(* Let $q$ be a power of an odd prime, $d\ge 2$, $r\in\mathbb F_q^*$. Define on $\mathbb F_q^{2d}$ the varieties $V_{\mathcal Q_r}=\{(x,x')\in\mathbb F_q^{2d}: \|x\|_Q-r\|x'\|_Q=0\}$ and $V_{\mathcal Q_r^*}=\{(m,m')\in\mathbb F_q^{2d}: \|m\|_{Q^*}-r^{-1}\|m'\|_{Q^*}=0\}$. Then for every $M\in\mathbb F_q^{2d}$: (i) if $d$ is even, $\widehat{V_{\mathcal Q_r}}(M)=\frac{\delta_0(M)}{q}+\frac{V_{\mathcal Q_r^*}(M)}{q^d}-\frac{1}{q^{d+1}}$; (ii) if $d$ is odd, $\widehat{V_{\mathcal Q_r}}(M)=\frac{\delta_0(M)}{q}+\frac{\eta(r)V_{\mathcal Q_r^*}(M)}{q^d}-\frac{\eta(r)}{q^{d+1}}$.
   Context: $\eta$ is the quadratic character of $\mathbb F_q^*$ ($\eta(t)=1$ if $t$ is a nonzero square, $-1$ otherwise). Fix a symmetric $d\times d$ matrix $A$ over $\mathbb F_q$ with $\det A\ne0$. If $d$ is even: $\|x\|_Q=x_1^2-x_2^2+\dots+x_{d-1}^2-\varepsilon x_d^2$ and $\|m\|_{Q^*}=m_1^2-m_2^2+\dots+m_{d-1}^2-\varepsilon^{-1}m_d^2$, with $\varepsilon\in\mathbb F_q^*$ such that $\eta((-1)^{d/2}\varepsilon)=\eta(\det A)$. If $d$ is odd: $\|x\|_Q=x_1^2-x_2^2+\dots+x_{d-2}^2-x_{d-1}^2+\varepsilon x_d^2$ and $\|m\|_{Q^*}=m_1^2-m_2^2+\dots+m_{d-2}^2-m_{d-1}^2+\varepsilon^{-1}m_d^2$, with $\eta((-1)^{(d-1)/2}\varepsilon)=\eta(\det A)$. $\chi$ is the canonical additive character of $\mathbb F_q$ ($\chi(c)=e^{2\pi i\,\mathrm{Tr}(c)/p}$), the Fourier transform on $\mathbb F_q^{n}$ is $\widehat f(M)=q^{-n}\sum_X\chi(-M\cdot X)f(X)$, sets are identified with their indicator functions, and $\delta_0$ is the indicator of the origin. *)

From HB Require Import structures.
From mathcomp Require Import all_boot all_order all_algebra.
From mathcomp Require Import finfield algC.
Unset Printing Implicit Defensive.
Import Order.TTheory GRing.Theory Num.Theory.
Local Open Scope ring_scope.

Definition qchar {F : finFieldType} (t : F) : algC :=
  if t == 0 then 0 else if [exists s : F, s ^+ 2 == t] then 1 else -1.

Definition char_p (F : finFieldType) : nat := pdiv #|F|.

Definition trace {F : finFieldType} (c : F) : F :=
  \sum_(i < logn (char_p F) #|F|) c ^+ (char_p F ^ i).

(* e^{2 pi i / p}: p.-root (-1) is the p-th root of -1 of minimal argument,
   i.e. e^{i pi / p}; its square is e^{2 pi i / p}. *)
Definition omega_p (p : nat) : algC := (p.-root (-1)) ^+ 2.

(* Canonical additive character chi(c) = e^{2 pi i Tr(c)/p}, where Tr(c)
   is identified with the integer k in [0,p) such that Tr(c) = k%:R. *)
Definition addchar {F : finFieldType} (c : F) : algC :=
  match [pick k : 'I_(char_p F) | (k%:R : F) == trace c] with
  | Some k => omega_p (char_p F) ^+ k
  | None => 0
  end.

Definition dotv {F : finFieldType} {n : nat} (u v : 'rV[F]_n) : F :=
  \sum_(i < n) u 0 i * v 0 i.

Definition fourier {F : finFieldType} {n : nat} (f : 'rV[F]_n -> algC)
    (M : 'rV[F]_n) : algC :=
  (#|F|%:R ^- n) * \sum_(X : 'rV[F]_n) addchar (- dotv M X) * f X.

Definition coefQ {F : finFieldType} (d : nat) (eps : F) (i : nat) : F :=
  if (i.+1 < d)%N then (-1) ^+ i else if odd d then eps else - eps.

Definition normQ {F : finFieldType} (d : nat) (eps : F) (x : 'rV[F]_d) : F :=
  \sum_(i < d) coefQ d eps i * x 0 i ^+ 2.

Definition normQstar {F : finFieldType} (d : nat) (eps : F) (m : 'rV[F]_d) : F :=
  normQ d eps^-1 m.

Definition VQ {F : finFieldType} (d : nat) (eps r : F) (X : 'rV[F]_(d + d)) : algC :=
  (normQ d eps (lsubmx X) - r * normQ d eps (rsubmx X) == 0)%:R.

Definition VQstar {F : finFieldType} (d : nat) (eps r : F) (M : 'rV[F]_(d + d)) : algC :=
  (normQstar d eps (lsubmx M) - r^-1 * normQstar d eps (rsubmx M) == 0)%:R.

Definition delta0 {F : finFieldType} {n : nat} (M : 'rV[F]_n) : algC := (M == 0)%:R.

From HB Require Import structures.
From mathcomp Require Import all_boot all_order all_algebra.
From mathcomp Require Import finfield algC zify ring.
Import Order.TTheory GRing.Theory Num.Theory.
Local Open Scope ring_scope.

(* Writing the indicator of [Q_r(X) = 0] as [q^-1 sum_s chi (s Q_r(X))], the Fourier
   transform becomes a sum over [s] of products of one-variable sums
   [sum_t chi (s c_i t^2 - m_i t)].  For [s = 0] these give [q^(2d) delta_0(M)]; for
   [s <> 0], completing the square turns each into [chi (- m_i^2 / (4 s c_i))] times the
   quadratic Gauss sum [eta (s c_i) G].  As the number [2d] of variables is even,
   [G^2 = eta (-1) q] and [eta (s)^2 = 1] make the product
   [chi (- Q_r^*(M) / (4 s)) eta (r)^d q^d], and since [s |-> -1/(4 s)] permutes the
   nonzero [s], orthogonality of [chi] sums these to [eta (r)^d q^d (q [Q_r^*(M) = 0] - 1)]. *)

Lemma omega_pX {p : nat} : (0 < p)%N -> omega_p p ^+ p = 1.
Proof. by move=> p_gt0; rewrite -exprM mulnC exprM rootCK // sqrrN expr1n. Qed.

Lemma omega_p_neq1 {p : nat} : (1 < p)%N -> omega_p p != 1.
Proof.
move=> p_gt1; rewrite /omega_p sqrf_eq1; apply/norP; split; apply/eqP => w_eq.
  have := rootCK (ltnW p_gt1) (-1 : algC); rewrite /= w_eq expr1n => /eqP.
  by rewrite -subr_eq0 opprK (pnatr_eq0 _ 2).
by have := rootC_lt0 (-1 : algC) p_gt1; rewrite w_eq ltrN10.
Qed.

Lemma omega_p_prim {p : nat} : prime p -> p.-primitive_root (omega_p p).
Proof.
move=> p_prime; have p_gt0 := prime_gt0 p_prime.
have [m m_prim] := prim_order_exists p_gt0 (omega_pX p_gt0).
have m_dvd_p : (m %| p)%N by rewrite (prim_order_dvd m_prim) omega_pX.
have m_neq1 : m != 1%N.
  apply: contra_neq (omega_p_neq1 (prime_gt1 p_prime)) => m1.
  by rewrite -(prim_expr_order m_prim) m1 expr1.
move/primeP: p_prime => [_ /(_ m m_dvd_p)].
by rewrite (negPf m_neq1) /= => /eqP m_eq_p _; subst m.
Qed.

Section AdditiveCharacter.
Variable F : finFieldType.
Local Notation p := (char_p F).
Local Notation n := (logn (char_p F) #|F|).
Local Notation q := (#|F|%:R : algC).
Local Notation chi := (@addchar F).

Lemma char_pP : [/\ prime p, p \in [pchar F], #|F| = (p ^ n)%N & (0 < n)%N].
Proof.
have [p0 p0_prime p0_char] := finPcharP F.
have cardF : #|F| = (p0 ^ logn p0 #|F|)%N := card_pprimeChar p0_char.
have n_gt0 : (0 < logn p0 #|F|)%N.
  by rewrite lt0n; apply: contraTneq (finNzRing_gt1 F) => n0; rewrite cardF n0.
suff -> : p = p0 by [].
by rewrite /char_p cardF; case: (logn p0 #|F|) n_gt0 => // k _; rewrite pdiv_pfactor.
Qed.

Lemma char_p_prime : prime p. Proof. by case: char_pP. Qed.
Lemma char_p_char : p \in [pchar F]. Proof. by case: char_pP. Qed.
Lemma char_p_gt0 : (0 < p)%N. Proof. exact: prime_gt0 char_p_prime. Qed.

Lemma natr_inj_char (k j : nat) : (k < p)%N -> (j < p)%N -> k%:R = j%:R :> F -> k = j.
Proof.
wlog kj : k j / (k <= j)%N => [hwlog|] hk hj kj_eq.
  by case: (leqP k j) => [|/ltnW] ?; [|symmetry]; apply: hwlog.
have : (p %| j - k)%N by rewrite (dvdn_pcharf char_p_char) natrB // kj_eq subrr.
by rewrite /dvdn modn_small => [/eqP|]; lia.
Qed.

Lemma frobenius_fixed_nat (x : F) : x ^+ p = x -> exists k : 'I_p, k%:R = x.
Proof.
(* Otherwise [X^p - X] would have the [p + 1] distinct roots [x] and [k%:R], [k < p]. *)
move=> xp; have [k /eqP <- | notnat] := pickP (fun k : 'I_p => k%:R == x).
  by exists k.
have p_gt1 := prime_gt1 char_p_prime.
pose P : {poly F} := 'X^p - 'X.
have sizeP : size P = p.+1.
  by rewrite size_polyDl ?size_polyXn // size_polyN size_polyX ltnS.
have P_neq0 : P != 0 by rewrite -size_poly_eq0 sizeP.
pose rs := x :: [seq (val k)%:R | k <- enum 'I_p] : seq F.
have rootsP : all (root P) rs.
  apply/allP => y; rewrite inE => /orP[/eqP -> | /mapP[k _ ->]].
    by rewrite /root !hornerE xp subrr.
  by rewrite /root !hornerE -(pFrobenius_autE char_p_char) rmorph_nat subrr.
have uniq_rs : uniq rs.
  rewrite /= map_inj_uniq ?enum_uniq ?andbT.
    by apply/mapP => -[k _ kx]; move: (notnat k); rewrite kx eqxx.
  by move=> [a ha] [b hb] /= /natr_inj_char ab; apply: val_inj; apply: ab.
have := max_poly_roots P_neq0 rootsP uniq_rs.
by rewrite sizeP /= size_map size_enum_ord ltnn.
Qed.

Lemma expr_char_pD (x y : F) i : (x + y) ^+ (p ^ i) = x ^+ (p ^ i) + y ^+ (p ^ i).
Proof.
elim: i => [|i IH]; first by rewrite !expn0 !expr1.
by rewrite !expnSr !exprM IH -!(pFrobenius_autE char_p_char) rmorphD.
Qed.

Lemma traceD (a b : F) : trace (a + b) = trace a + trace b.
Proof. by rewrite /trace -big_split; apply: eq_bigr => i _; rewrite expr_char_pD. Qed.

## WORK ORDER
Using the data above, reproduce exactly the lines from the line that contains "(t : F) : algC" through the line that contains "Definition omega_p (p", including both.

## RESULT
Definition qchar {F : finFieldType} (t : F) : algC :=
  if t == 0 then 0 else if [exists s : F, s ^+ 2 == t] then 1 else -1.

Definition char_p (F : finFieldType) : nat := pdiv #|F|.

Definition trace {F : finFieldType} (c : F) : F :=
  \sum_(i < logn (char_p F) #|F|) c ^+ (char_p F ^ i).

(* e^{2 pi i / p}: p.-root (-1) is the p-th root of -1 of minimal argument,
   i.e. e^{i pi / p}; its square is e^{2 pi i / p}. *)
Definition omega_p (p : nat) : algC := (p.-root (-1)) ^+ 2.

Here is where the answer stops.